Google Cloud Storage
SDK is used in Hashicorp Vault running on Ubuntu 18.04, on GCE
When canceling a context passed to ObjectHandle.NewWriter(ctx), all resources associated with the request should be cleaned up and it won't affect subsequent operations
I have a minimal reproduction test case here: https://github.com/KJTsanaktsidis/refused_stream_repro
The reproduction tries to upload lots of files to GCS with ObjectHandle.NewWriter(ctx), and cancels some of the contexts at random times.

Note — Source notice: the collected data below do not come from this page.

(* Assume $\sigma_1(x)=\tfrac12\sigma_1''(0)(x-a_1)(x-b_1)$ with $\sigma_1''(0)\ne0$ and real $a_1<0<b_1$, and that $(1-q^{-1})\tau'(0)=-\tfrac12\sigma_1''(0)$ and $(1-q^{-1})\tau(0)=\tfrac12\sigma_1''(0)(a_1+b_1)$, so that $\sigma_2(x)\equiv q\tfrac12\sigma_1''(0)a_1b_1$ is a nonzero constant. Put $a=a_1$, $b=b_1$ and $$\rho(x)=(qx/a,\,qx/b;q)_\infty.$$ Then there exist polynomials $P_n$, $n\in\mathbb{N}_0$, with $P_n$ of degree $n$ a solution of the q-EHT with $\lambda=\lambda_n$, and nonzero constants $d_n^2$, such that for all $m,n\in\mathbb{N}_0$ $$\int_a^bP_n(x)P_m(x)\rho(x)\,d_qx=d_n^2\delta_{mn},$$ i.e. orthogonality with respect to $\rho$ supported on $\{q^ka\}_{k\in\mathbb{N}_0}\cup\{q^kb\}_{k\in\mathbb{N}_0}$.
   Context: Throughout $0<q<1$. For a function $y$ and $\zeta\in\{q,q^{-1}\}$, $D_\zeta y(x)=\frac{y(x)-y(\zeta x)}{(1-\zeta)x}$ for $x\ne0$ and $D_\zeta y(0)=y'(0)$; $[n]_q=\frac{1-q^n}{1-q}$. Let $\sigma_1$ be a real polynomial of degree at most two, $\tau(x)=\tau'(0)x+\tau(0)$ a real polynomial with $\tau'(0)\ne0$, and $\sigma_2(x):=q[\sigma_1(x)+(1-q^{-1})x\tau(x)]$. The q-EHT with parameter $n$ is $\sigma_1(x)D_{q^{-1}}D_qy(x)+\tau(x)D_qy(x)+\lambda_ny(x)=0$, $\lambda_n=-[n]_q\big(\tau'(0)+\tfrac12[n-1]_{q^{-1}}\sigma_1''(0)\big)$. $(\beta;q)_\infty=\prod_{k\ge0}(1-\beta q^k)$, $(\beta_1,\beta_2;q)_\infty=(\beta_1;q)_\infty(\beta_2;q)_\infty$. For $a<0<b$, $\int_a^b f(x)\,d_qx=(1-q)b\sum_{j\ge0}q^jf(q^jb)+(1-q)(-a)\sum_{j\ge0}q^jf(q^ja)$. *)

From Stdlib Require Import Reals Lra.
From Coquelicot Require Import Coquelicot.
Open Scope R_scope.

Definition qD (zeta : R) (y : R -> R) (x : R) : R :=
  if Req_EM_T x 0 then Derive y 0
  else (y x - y (zeta * x)) / ((1 - zeta) * x).

Definition qnum (q : R) (n : Z) : R := (1 - powerRZ q n) / (1 - q).

Definition qpoch_inf (beta q : R) : R :=
  real (Lim_seq (fun N => prod_f_R0 (fun k => 1 - beta * q ^ k) N)).

(* Jackson q-integral from a < 0 to b > 0 *)
Definition qint (q a b : R) (f : R -> R) : R :=
  (1 - q) * b * Series (fun j => q ^ j * f (q ^ j * b))
  + (1 - q) * (- a) * Series (fun j => q ^ j * f (q ^ j * a)).

Definition qintegrable (q a b : R) (f : R -> R) : Prop :=
  ex_series (fun j => q ^ j * f (q ^ j * b)) /\
  ex_series (fun j => q ^ j * f (q ^ j * a)).

Definition is_poly_deg (P : R -> R) (n : nat) : Prop :=
  exists c : nat -> R, c n <> 0 /\
    forall x, P x = sum_f_R0 (fun k => c k * x ^ k) n.

Definition lambda_n (q t1 s : R) (n : nat) : R :=
  - qnum q (Z.of_nat n) * (t1 + / 2 * qnum (/ q) (Z.of_nat n - 1) * s).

Eventually, after running for a few minutes, all uploads start returning the following error:
Post https://www.googleapis.com/upload/storage/v1/b/kjs_cool_vault_bucket/o?alt=json&prettyPrint=false&projection=full&uploadType=multipart: stream error: stream ID 45457; REFUSED_STREAM
I used a packet capture to debug the communication between Vault and GCS, and I found that the SDK would often
/upload/storage/v1/b/vaultgcs_backend_us1_staging/o?alt=json&prettyPrint=false&projection=full&uploadType=multipartSo, eventually, the GCS server starts sending REFUSED_STREAM errors back to the client when any new upload attempt is made, because the number of forgotten-about upload streams has exceeded the servers HTTP2 MAX_CONCURRENT_STREAM value of 100.
This issue seems to be the cause of https://github.com/hashicorp/vault/issues/5419
This is likely related to #753, as well.
Another related issues: golang/go#20985.
Thanks for the reproduction @KJTsanaktsidis. It's been very helpful.

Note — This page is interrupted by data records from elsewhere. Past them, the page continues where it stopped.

Lemma lucasF_few_values : (5 : 'F_p) ^+ p./2 = 1 -> ~ (forall r : 'F_p, exists n, lucasF n = r).
Proof.
  move=> h5 hsurj. case: (lucasF_binet h5) => x [y [nx ny hxy]].
  have hp1 : (0 < p.-1)%N by have := prime_gt1 p_prime; lia.
  have cover : [set: 'F_p] \subset [set lucasF (nat_of_ord i) | i : 'I_p.-1].
  { apply/subsetP => r _. case: (hsurj r) => n hn. apply/imsetP.
    exists (Ordinal (ltn_pmod n hp1)) => //.
    by rewrite -hn !hxy /= (pow_mod_pred n nx) (pow_mod_pred n ny). }
  have := leq_trans (subset_leq_card cover) (leq_imset_card _ _).
  rewrite cardsT card_Fp // card_ord. have := prime_gt1 p_prime. lia.
Qed.

Theorem lucasF_not_surjective : p != 3%N -> p != 5%N -> p != 7%N ->
  ~ (forall r : 'F_p, exists n, lucasF n = r).
Proof.
  move=> p3 p5 p7 hsurj.
  have n5 : (5 : 'F_p) != 0.
  { apply/eqP => e. move/eqP: p5. apply. exact: (@natF_eq0_prime 5 isT). }
  have nm1 : (-1 : 'F_p) != 0 by rewrite oppr_eq0 oner_eq0.
  case: (chi_pm1 n5) => h5; first exact: lucasF_few_values h5 hsurj.
  have [r [hm hp]] : exists r : 'F_p, (r ^+ 2 - 4) ^+ p./2 = 1 /\ (r ^+ 2 + 4) ^+ p./2 = 1.
  { case: (chi_pm1 nm1) => hm1; last exact: exists_double_residue.
    exists 0. rewrite expr0n /= sub0r add0r chi_four.
    have -> : (- 4 : 'F_p) = -1 * 4 by rewrite mulN1r.
    by rewrite exprMn hm1 chi_four mulr1. }
  case: (hsurj r) => n. exact: lucasF_misses h5 hm hp n.
Qed.

End OddPrime.

End PrimeField.

Lemma prime_Z_to_nat (p : Z) : Znumtheory.prime p -> prime (Z.to_nat p).
Proof.
  move=> hp. have hp2 := Znumtheory.prime_ge_2 p hp.
  apply/primeP; split; first by lia.
  move=> d /dvdnP [k hk] /=. apply/orP.
  have hdvd : Z.divide (Z.of_nat d) p.
  { exists (Z.of_nat k). rewrite -(Z2Nat.id p); last by lia. rewrite hk. lia. }
  case: (Znumtheory.prime_divisors p hp _ hdvd) => [h | [h | [h | h]]]; lia.
Qed.

Theorem lucas_incomplete_prime (p : Z) :
  Znumtheory.prime p -> p <> 2 -> p <> 3 -> p <> 5 -> p <> 7 -> ~ complete_mod L p.
Proof.
  move=> hp p2 p3 p5 p7 hL.
  have hp2 := Znumtheory.prime_ge_2 p hp.
  have hq := prime_Z_to_nat hp.
  have q_odd : odd (Z.to_nat p).
  { case: (even_prime hq) => // e. exfalso. apply: p2. lia. }
  apply: (lucasF_not_surjective hq q_odd); try (apply/eqP; lia).
  move=> r. case: (hL (Z.of_nat r)) => n [_ hn]. exists n.
  rewrite /lucasF (@toF_cong _ hq (L n) (Z.of_nat r)) ?toF_nat ?natr_Zp //.
  rewrite Z2Nat.id; last by lia. apply/zcong_iff_mod => //. lia.
Qed.

End LucasModPrime.

Theorem mainTheorem10 (m : Z) (hm : 2 <= m) :
  complete_mod L m ->
  forall a b : Z, Z.gcd a b = 1 -> complete_mod (G a b) m.
Proof.
  intros HL a b Hab.
  destruct (lucas_complete_moduli LucasModPrime.lucas_incomplete_prime m hm HL)
    as [| | | | | K]; try (apply gib_complete_certified; [simpl; tauto | exact Hab]).
  now apply gib_complete_pow3.
Qed.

Meanwhile, here's another related issue: golang/go#27208.
Yup - https://github.com/golang/go/issues/27208 is exactly it!
I tried my reproduction using golang.org/x/net from the provided PR from that issue https://github.com/golang/net/pull/18 (see branch working_version in my repo). This seems to have fixed the issue - I no longer got STREAM_REFUSED errors!
So I think this isn't a bug in google-cloud-go at all, and should go away on go 1.12?
Well done!
Provided the patch lands in Go 1.12, yes, the problem should go away. I'll ping the Go issue.
Awesome - thanks heaps for your help in joining these dots!
Since this is an issue outside this repo, I'm going to close it.
Thanks again for all your help getting to the bottom of this.